- MATERIAL PROVIDED -
==============================
(* Let $p\ge 1$ and $n\ge p$ be integers. Then $$S_{n,s}\cap S_{n+1,s}=\varnothing\qquad\text{and}\qquad S_{n,s}\cap S_{n+2,s}=\varnothing .$$ That is, no real number $\Lambda$ is simultaneously an eigenvalue of order $n$ with an even eigenfunction and an eigenvalue of order $m$ with an even eigenfunction, when $m=n+1$ or $m=n+2$.
   Context: Fix an integer $p\ge 1$. For an integer $k\ge p$ and a real number $\Lambda$, define the differential operator on $[-1,1]$ $$L^{2k}(\Lambda)=(-1)^k\frac{d^{2k}}{dx^{2k}}-\Lambda(-1)^{k-p}\frac{d^{2k-2p}}{dx^{2k-2p}}.$$ A real number $\Lambda$ is an eigenvalue of order $k$ if there is a real function $z\in C^{2k}[-1,1]$, $z\not\equiv 0$, such that - $L^{2k}(\Lambda)z=0$ on $[-1,1]$, and - $z^{(j)}(-1)=z^{(j)}(1)=0$ for $j=0,\dots,k-1$. Such a $z$ is called an eigenfunction of order $k$ with eigenvalue $\Lambda$. These eigenvalues and eigenfunctions are exactly the critical values and critical points of the Rayleigh quotient $$\Phi_k(u)=\frac{\int_{-1}^1 (u^{(k)})^2\,dx}{\int_{-1}^1 (u^{(k-p)})^2\,dx}$$ on $\mathring W_2^k(-1,1)$. Here $\mathring W_2^k(-1,1)$ denotes the functions $u\in C^{k-1}[-1,1]$ with $u^{(j)}(\pm1)=0$ for $j<k$ and $u^{(k)}\in L_2$. Let $S_{k,s}$ (resp. $S_{k,a}$) denote the set of eigenvalues of order $k$ that admit an even (resp. odd) eigenfunction of order $k$. *)

From Stdlib Require Import Reals Lra Lia.
Open Scope R_scope.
==============================
- WHAT NEEDS TO BE DONE -
Respond with the lines above, from the one that holds "Context: Fix an" to the end of the listing, each repeated exactly, and with no other material.

- ANSWER AREA -
   Context: Fix an integer $p\ge 1$. For an integer $k\ge p$ and a real number $\Lambda$, define the differential operator on $[-1,1]$ $$L^{2k}(\Lambda)=(-1)^k\frac{d^{2k}}{dx^{2k}}-\Lambda(-1)^{k-p}\frac{d^{2k-2p}}{dx^{2k-2p}}.$$ A real number $\Lambda$ is an eigenvalue of order $k$ if there is a real function $z\in C^{2k}[-1,1]$, $z\not\equiv 0$, such that - $L^{2k}(\Lambda)z=0$ on $[-1,1]$, and - $z^{(j)}(-1)=z^{(j)}(1)=0$ for $j=0,\dots,k-1$. Such a $z$ is called an eigenfunction of order $k$ with eigenvalue $\Lambda$. These eigenvalues and eigenfunctions are exactly the critical values and critical points of the Rayleigh quotient $$\Phi_k(u)=\frac{\int_{-1}^1 (u^{(k)})^2\,dx}{\int_{-1}^1 (u^{(k-p)})^2\,dx}$$ on $\mathring W_2^k(-1,1)$. Here $\mathring W_2^k(-1,1)$ denotes the functions $u\in C^{k-1}[-1,1]$ with $u^{(j)}(\pm1)=0$ for $j<k$ and $u^{(k)}\in L_2$. Let $S_{k,s}$ (resp. $S_{k,a}$) denote the set of eigenvalues of order $k$ that admit an even (resp. odd) eigenfunction of order $k$. *)

From Stdlib Require Import Reals Lra Lia.
Open Scope R_scope.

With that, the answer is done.